Lemma slices_agree_mix3 (c1 c2 c3 : summand) :
  positive_summand c1 -> positive_summand c2 -> positive_summand c3 ->
  0 <= dyz c1 c2 -> 0 <= dyz c1 c3 -> 0 <= dyz c2 c3 -> slices_agree (mix3 c1 c2 c3).
Proof.
  intros H1 H2 H3 H12 H13 H23. apply slices_agree_of_nonneg. intro i. rewrite det2_mix3.
  pose proof (pair_x_nonneg c1 c2 i H1 H2 H12). pose proof (pair_x_nonneg c1 c3 i H1 H3 H13).
  pose proof (pair_x_nonneg c2 c3 i H2 H3 H23). lra.
Qed.

Definition swap_yz (P : tensor) : tensor := fun i j l => P i l j.

Definition sm_swap_xy (c : summand) : summand := Summand (wt c) (cy c) (cx c) (cz c).
Definition sm_swap_xz (c : summand) : summand := Summand (wt c) (cz c) (cy c) (cx c).
Definition sm_swap_yz (c : summand) : summand := Summand (wt c) (cx c) (cz c) (cy c).

Lemma swap_xy_mix3 (c1 c2 c3 : summand) :
  swap_xy (mix3 c1 c2 c3) = mix3 (sm_swap_xy c1) (sm_swap_xy c2) (sm_swap_xy c3).
Proof. tensor_ext. unfold swap_xy, mix3, tadd, term, outer3; simpl. ring. Qed.

Lemma swap_xz_mix3 (c1 c2 c3 : summand) :
  swap_xz (mix3 c1 c2 c3) = mix3 (sm_swap_xz c1) (sm_swap_xz c2) (sm_swap_xz c3).
Proof. tensor_ext. unfold swap_xz, mix3, tadd, term, outer3; simpl. ring. Qed.

Lemma swap_yz_mix3 (c1 c2 c3 : summand) :
  swap_yz (mix3 c1 c2 c3) = mix3 (sm_swap_yz c1) (sm_swap_yz c2) (sm_swap_yz c3).
Proof. tensor_ext. unfold swap_yz, mix3, tadd, term, outer3; simpl. ring. Qed.

Lemma some_axis_of_swap_yz (P : tensor) :
  slices_agree_some_axis (swap_yz P) -> slices_agree_some_axis P.
Proof.
  unfold slices_agree_some_axis, slices_agree, swap_xy, swap_xz, swap_yz, det2.
  intros [H | [H | H]]; [left | right; right | right; left]; lra.
Qed.

Definition flip_y (P : tensor) : tensor := fun i j l => P i (negb j) l.
Definition flip_z (P : tensor) : tensor := fun i j l => P i j (negb l).

(* Reversing the coordinates of (1, y) gives y (1, 1/y). *)
Definition sm_flip_y (c : summand) : summand := Summand (wt c * cy c) (cx c) (/ cy c) (cz c).
Definition sm_flip_z (c : summand) : summand := Summand (wt c * cz c) (cx c) (cy c) (/ cz c).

• **Task prompt**:
What is needed is an exact copy of the lines from the one containing "Definition flip_z (P" through the last line of the records, and nothing else.

• **Answer space**:
Definition flip_z (P : tensor) : tensor := fun i j l => P i j (negb l).

(* Reversing the coordinates of (1, y) gives y (1, 1/y). *)
Definition sm_flip_y (c : summand) : summand := Summand (wt c * cy c) (cx c) (/ cy c) (cz c).
Definition sm_flip_z (c : summand) : summand := Summand (wt c * cz c) (cx c) (cy c) (/ cz c).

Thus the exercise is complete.